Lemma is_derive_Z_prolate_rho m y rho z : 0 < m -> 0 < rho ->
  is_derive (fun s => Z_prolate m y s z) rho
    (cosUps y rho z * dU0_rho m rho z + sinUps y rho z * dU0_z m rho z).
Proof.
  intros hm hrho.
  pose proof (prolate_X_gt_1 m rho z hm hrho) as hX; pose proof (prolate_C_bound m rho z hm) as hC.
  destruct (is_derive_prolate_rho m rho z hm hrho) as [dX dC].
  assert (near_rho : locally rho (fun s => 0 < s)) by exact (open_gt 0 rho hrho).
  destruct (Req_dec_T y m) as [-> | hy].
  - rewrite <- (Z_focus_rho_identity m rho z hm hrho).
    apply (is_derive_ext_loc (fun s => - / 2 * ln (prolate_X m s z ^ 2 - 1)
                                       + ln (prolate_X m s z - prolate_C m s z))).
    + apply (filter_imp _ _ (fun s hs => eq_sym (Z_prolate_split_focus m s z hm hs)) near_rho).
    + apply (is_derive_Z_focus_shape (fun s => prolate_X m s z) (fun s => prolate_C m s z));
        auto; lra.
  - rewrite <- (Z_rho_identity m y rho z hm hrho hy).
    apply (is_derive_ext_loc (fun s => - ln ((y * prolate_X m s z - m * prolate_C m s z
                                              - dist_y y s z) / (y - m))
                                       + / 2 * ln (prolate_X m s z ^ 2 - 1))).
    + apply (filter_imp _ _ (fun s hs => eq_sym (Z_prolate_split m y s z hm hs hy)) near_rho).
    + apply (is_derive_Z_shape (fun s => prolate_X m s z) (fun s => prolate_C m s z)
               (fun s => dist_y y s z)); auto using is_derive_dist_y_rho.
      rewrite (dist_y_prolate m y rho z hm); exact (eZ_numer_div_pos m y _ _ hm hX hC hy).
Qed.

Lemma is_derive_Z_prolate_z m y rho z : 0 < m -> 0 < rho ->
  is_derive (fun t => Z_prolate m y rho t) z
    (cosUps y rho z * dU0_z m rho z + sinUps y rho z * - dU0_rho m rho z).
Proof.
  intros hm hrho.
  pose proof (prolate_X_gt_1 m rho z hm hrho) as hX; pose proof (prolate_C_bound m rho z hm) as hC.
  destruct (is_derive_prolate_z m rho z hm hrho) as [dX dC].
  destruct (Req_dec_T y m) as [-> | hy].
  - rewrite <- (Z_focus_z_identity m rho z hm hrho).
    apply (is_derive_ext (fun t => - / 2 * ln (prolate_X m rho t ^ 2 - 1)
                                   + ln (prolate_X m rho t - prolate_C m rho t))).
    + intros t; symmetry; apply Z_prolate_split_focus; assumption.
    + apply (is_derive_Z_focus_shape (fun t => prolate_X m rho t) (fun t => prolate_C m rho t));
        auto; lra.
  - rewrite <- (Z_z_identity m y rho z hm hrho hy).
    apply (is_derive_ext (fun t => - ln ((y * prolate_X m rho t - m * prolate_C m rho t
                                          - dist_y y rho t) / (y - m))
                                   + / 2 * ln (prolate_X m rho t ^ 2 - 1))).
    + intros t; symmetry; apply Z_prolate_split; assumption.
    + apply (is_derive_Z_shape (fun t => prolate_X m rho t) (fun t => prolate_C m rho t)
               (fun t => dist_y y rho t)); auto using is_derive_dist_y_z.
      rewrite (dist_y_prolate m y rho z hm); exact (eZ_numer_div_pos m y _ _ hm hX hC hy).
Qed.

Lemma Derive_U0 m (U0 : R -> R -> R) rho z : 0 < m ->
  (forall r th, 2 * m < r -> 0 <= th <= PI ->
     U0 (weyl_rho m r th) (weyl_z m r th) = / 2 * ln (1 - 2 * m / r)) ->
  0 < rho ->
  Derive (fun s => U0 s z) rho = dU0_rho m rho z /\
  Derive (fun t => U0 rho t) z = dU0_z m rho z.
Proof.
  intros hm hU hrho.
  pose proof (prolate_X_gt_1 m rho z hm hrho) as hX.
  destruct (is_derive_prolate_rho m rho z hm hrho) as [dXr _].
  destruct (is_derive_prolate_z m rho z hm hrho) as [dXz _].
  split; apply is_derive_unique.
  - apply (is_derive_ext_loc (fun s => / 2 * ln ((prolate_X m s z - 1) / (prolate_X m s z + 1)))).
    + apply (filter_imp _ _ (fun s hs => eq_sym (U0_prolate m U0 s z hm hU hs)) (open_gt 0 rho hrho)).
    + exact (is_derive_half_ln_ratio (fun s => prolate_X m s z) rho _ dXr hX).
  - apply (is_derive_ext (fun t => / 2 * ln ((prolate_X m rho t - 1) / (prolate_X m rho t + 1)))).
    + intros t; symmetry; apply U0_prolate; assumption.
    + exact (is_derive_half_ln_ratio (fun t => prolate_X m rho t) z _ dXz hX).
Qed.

::::

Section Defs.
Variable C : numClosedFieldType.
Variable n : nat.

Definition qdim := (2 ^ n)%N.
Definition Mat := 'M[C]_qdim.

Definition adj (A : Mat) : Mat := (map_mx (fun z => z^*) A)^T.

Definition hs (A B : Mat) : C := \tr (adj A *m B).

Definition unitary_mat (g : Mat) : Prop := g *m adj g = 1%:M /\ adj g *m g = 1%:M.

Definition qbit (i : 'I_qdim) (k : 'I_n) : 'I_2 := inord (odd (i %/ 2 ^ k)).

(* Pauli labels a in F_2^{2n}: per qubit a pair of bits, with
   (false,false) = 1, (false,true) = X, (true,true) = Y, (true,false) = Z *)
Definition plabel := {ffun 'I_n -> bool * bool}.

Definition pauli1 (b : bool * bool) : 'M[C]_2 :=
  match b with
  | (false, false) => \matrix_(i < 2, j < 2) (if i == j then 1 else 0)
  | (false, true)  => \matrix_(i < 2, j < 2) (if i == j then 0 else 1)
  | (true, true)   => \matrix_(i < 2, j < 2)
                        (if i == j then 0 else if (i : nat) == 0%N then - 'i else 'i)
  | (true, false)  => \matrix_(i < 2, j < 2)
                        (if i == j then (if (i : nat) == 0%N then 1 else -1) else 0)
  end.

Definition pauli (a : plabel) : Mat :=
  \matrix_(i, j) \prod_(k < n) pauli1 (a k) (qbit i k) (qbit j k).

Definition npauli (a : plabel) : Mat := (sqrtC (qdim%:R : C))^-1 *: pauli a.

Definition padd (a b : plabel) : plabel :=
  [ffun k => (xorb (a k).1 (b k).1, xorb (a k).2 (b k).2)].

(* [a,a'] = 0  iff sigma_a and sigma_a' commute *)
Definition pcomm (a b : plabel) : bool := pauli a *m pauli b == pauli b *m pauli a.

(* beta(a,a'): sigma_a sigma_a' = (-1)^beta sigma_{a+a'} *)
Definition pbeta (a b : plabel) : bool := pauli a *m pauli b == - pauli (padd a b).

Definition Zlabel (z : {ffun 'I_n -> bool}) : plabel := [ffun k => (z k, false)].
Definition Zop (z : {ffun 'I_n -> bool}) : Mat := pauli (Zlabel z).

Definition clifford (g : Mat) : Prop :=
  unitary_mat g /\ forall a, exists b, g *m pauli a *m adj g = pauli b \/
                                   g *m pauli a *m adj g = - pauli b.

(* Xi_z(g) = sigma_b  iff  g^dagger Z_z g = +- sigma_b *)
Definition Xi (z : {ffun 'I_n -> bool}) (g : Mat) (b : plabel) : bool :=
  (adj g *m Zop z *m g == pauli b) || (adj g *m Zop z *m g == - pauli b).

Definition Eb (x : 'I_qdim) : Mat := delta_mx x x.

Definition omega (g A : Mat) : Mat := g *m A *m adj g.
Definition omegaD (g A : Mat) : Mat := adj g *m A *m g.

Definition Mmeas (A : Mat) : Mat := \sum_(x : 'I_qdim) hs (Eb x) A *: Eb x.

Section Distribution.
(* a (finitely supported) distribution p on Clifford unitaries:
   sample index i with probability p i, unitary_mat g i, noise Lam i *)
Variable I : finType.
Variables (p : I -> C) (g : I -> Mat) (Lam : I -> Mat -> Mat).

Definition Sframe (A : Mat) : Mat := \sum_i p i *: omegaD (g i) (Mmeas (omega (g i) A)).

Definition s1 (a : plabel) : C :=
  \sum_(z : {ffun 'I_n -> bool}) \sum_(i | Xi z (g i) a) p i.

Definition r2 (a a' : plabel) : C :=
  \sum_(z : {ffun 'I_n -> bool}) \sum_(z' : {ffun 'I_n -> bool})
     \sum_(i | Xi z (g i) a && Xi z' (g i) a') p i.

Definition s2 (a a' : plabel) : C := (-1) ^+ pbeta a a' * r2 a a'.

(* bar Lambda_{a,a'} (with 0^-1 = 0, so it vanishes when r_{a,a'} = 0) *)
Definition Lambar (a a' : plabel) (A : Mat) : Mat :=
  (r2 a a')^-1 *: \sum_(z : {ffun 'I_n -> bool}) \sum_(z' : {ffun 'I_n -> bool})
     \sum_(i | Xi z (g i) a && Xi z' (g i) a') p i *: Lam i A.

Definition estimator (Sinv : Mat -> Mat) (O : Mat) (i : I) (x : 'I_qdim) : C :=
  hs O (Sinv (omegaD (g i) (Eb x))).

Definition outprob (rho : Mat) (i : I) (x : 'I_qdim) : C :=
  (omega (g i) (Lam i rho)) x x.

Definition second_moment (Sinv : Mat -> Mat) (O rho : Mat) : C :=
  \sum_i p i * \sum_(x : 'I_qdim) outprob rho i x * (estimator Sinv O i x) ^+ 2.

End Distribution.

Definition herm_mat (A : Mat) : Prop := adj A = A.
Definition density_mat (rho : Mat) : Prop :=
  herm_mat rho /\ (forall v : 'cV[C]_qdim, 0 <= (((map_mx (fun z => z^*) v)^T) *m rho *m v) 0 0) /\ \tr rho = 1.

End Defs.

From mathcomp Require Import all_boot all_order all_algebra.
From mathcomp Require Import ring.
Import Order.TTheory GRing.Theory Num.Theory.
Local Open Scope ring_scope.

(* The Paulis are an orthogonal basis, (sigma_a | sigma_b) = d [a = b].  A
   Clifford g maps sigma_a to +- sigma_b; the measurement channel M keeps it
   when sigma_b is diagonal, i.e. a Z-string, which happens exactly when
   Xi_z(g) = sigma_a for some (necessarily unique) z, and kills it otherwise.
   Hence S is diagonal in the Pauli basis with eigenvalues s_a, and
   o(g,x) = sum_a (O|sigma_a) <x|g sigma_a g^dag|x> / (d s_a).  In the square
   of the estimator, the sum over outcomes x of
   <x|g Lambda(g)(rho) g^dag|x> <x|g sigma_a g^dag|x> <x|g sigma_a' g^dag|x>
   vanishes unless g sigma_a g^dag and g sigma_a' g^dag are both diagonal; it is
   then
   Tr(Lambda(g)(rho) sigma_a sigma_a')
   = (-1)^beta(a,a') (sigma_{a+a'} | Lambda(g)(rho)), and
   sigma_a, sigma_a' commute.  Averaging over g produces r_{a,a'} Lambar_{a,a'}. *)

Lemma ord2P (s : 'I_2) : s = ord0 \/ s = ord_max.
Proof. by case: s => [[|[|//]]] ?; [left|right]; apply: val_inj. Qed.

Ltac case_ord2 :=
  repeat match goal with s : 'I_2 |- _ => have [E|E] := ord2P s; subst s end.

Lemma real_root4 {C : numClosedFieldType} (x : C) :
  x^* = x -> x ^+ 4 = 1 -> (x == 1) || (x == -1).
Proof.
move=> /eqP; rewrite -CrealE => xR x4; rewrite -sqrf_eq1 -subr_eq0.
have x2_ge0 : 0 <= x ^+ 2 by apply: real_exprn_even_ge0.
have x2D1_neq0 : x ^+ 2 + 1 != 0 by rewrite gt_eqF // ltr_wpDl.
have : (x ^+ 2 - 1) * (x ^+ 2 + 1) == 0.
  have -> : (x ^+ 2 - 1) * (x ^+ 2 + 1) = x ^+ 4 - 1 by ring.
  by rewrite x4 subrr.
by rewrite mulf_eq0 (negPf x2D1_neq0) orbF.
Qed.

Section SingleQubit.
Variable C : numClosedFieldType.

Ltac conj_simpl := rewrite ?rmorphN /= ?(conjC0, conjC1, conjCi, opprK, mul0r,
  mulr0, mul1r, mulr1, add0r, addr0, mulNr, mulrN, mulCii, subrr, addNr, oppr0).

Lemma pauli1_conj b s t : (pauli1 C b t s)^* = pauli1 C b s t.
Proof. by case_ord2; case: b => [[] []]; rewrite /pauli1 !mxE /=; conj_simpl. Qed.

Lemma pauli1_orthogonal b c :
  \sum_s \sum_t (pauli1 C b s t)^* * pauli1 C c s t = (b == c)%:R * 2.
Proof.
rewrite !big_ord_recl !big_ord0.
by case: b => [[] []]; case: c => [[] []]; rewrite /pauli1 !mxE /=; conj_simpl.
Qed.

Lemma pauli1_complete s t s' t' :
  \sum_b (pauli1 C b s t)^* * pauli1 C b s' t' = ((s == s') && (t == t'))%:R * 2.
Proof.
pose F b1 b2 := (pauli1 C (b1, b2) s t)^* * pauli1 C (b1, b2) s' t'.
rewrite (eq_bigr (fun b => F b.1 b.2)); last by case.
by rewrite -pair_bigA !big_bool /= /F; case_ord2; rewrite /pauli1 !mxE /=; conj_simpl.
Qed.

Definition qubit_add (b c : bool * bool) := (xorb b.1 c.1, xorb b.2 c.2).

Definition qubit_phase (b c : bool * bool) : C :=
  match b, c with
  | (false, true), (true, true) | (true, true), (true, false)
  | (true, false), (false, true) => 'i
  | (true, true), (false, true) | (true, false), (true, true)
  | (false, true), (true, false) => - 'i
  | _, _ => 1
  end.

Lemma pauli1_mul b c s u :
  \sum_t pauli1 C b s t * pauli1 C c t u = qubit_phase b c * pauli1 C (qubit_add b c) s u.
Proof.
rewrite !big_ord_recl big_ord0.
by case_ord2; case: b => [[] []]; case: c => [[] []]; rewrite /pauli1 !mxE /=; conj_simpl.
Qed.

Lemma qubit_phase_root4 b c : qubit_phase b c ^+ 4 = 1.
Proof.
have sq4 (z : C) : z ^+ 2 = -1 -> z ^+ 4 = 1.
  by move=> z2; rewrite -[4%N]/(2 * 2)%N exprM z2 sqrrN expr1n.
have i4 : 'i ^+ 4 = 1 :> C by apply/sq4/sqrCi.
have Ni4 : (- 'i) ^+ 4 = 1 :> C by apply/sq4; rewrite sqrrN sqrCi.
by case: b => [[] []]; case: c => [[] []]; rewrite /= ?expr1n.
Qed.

::::

* Description of the task *
This exercise requires the lines of the entries containing the string "intros".

* Response area *
  intros hm hrho.
  intros hm hrho.
    + intros t; symmetry; apply Z_prolate_split_focus; assumption.
    + intros t; symmetry; apply Z_prolate_split; assumption.
  intros hm hU hrho.
    + intros t; symmetry; apply U0_prolate; assumption.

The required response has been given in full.